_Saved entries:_
Lemma glued_linked S f g u v : glued S f g u v ->
  In (f, g) (uncut_links (pattern_of S)) \/ In (g, f) (uncut_links (pattern_of S)).
Proof.
  intros (Hfg & Huv & Fu & Fv & Gu & Gv & Hc).
  pose proof dual_edges_complete as C. rewrite forallb_forall in C.
  specialize (C f (all_faces_spec f)). rewrite forallb_forall in C.
  specialize (C g (all_faces_spec g)). rewrite forallb_forall in C.
  specialize (C u (all_vertices_spec u)). rewrite forallb_forall in C.
  specialize (C v (all_vertices_spec v)).
  apply in_faceb_spec in Fu, Fv, Gu, Gv. rewrite Fu, Fv, Gu, Gv in C.
  replace (face_eqb f g) with false in C
    by (symmetry; apply Bool.not_true_iff_false; rewrite face_eqb_spec; exact Hfg).
  replace (vtx_eqb u v) with false in C
    by (symmetry; apply Bool.not_true_iff_false; rewrite vtx_eqb_spec; exact Huv).
  cbn [negb andb orb] in C. apply existsb_exists in C as [d [Hd Hdm]].
  apply Bool.andb_true_iff in Hdm as [He Hfaces].
  assert (Hlink : In (snd d) (uncut_links (pattern_of S))).
  { unfold uncut_links. apply in_map_iff. exists (d, false). split; [reflexivity|].
    apply filter_In. split; [|reflexivity].
    replace false with (cut_bit S d) at 1.
    - apply in_combine_map. exact Hd.
    - unfold cut_bit. destruct excluded_middle_informative as [Hcd|]; [|reflexivity].
      exfalso. apply Hc. exact (same_edge_cut S _ u v He Hcd). }
  destruct d as [e [f' g']]; cbn [fst snd] in Hfaces, Hlink.
  rewrite Bool.orb_true_iff, !Bool.andb_true_iff, !face_eqb_spec in Hfaces.
  destruct Hfaces as [[-> ->]|[-> ->]]; auto.
Qed.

_Action item:_ Up to and including the last line of the data, copy each line exactly, starting with the line that contains "apply filter_In. split; [|reflexivity].".

_Response to this exercise:_
    apply filter_In. split; [|reflexivity].
    replace false with (cut_bit S d) at 1.
    - apply in_combine_map. exact Hd.
    - unfold cut_bit. destruct excluded_middle_informative as [Hcd|]; [|reflexivity].
      exfalso. apply Hc. exact (same_edge_cut S _ u v He Hcd). }
  destruct d as [e [f' g']]; cbn [fst snd] in Hfaces, Hlink.
  rewrite Bool.orb_true_iff, !Bool.andb_true_iff, !face_eqb_spec in Hfaces.
  destruct Hfaces as [[-> ->]|[-> ->]]; auto.
Qed.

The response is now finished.